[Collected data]
+ + + + + + +

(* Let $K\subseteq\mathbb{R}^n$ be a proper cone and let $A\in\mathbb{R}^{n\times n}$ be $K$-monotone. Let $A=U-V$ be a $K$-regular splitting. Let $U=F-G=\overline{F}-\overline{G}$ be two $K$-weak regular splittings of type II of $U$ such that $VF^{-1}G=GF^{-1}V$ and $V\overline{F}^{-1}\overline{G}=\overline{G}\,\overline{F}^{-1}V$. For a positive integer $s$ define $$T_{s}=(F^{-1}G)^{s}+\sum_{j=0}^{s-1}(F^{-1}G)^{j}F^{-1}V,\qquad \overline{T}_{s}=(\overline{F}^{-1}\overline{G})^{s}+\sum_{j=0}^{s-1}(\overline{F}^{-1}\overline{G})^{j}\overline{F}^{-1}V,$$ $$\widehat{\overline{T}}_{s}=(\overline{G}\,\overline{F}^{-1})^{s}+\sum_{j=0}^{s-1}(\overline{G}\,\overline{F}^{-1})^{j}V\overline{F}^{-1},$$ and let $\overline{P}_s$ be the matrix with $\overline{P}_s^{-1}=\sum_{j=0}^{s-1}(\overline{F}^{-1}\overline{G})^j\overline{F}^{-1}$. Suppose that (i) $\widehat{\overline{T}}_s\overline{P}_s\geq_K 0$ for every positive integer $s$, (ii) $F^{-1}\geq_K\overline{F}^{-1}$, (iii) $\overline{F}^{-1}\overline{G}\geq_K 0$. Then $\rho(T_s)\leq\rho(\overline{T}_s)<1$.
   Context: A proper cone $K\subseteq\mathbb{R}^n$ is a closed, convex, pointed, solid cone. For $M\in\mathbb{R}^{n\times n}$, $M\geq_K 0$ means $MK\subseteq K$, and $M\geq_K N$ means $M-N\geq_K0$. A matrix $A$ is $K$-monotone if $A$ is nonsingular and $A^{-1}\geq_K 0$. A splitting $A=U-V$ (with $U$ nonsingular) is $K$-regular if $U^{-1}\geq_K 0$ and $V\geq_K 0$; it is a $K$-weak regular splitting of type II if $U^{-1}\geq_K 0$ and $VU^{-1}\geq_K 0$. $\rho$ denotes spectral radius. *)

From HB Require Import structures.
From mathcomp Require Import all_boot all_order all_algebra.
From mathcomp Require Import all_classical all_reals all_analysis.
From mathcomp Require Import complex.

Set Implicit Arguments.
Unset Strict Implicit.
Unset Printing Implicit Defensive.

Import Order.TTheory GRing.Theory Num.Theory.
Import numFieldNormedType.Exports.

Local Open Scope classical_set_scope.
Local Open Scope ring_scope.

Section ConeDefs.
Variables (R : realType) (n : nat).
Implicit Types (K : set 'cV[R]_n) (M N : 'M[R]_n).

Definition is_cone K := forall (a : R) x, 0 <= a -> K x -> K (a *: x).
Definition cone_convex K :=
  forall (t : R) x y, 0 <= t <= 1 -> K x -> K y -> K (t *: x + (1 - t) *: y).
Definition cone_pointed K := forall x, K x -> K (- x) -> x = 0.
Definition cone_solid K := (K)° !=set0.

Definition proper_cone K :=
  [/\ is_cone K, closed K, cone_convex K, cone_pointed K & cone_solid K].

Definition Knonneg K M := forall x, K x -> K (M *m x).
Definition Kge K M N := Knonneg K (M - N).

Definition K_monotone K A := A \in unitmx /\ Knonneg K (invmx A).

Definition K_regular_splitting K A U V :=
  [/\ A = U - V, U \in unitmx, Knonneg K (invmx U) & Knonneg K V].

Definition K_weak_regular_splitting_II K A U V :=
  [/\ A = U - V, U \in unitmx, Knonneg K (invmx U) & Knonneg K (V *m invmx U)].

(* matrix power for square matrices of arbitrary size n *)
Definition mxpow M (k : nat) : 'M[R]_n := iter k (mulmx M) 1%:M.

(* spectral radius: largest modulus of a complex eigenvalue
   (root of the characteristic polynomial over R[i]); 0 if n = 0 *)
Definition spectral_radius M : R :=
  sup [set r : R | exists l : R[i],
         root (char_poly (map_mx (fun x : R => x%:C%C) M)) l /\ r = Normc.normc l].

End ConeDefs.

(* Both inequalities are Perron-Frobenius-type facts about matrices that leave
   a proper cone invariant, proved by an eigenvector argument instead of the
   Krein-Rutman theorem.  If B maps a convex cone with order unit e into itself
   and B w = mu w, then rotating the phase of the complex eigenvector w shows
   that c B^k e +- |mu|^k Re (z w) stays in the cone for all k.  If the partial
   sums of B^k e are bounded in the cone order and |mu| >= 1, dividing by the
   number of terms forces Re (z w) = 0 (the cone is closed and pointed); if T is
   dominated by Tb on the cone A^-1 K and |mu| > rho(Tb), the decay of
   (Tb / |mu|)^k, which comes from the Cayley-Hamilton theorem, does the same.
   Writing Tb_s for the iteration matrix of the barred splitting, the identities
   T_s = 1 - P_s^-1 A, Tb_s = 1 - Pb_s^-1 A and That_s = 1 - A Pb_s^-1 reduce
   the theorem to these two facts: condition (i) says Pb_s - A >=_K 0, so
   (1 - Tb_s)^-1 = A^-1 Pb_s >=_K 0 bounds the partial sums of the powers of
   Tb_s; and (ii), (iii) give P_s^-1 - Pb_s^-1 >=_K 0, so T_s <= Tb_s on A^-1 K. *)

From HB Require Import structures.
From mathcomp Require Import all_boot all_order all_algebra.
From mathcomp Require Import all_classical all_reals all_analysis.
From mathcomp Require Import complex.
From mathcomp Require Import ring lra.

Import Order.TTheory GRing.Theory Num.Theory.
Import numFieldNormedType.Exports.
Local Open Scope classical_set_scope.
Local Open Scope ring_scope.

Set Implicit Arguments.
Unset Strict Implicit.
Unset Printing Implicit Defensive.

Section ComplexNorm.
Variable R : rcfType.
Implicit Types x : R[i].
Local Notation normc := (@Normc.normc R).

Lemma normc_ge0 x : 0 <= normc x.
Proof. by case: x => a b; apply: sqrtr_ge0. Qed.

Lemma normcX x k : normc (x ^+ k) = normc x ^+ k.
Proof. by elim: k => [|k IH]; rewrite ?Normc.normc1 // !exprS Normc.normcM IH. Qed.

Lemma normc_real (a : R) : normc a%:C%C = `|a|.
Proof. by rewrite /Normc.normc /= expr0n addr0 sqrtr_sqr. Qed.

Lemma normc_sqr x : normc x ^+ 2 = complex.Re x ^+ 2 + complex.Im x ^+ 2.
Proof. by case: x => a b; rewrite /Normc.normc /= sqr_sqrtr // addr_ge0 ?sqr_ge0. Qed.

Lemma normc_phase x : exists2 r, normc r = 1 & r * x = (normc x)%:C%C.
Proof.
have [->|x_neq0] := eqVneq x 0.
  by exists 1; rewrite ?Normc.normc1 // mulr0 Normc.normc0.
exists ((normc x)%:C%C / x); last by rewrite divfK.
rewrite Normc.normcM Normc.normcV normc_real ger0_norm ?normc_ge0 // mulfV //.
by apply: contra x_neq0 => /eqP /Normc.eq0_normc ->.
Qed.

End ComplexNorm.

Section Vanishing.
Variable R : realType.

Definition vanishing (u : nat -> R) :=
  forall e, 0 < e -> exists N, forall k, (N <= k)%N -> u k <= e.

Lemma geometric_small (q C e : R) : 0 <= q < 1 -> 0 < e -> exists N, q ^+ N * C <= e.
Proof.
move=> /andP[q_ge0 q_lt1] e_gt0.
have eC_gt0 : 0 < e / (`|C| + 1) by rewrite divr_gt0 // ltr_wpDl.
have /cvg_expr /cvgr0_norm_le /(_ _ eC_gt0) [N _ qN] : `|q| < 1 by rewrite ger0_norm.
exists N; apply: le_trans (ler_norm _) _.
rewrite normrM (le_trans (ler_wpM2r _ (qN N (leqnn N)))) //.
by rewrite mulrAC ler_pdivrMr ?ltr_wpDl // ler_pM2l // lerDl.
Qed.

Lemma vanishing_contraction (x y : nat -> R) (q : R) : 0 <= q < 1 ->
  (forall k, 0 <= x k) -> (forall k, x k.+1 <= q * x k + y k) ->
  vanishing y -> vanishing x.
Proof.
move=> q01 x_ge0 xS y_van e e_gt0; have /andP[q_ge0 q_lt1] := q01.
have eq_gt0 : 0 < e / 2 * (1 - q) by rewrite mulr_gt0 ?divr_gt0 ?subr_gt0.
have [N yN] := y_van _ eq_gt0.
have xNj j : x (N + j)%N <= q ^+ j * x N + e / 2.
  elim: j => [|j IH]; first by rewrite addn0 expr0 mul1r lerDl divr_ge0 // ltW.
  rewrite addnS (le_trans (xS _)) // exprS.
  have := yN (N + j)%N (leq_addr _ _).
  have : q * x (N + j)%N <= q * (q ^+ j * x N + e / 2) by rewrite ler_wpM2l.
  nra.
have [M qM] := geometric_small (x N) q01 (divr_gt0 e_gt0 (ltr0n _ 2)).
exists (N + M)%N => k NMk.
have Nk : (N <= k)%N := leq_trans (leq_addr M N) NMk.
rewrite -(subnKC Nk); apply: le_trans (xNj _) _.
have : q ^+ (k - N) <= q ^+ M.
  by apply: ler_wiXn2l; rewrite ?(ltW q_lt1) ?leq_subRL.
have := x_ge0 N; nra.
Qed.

+ + + + + + +

Retype only this portion of the data above: the line containing "Definition spectral_radius M", the line containing "number of terms", and all lines between them, exactly.

**ANSWER AREA**
Definition spectral_radius M : R :=
  sup [set r : R | exists l : R[i],
         root (char_poly (map_mx (fun x : R => x%:C%C) M)) l /\ r = Normc.normc l].

End ConeDefs.

(* Both inequalities are Perron-Frobenius-type facts about matrices that leave
   a proper cone invariant, proved by an eigenvector argument instead of the
   Krein-Rutman theorem.  If B maps a convex cone with order unit e into itself
   and B w = mu w, then rotating the phase of the complex eigenvector w shows
   that c B^k e +- |mu|^k Re (z w) stays in the cone for all k.  If the partial
   sums of B^k e are bounded in the cone order and |mu| >= 1, dividing by the
   number of terms forces Re (z w) = 0 (the cone is closed and pointed); if T is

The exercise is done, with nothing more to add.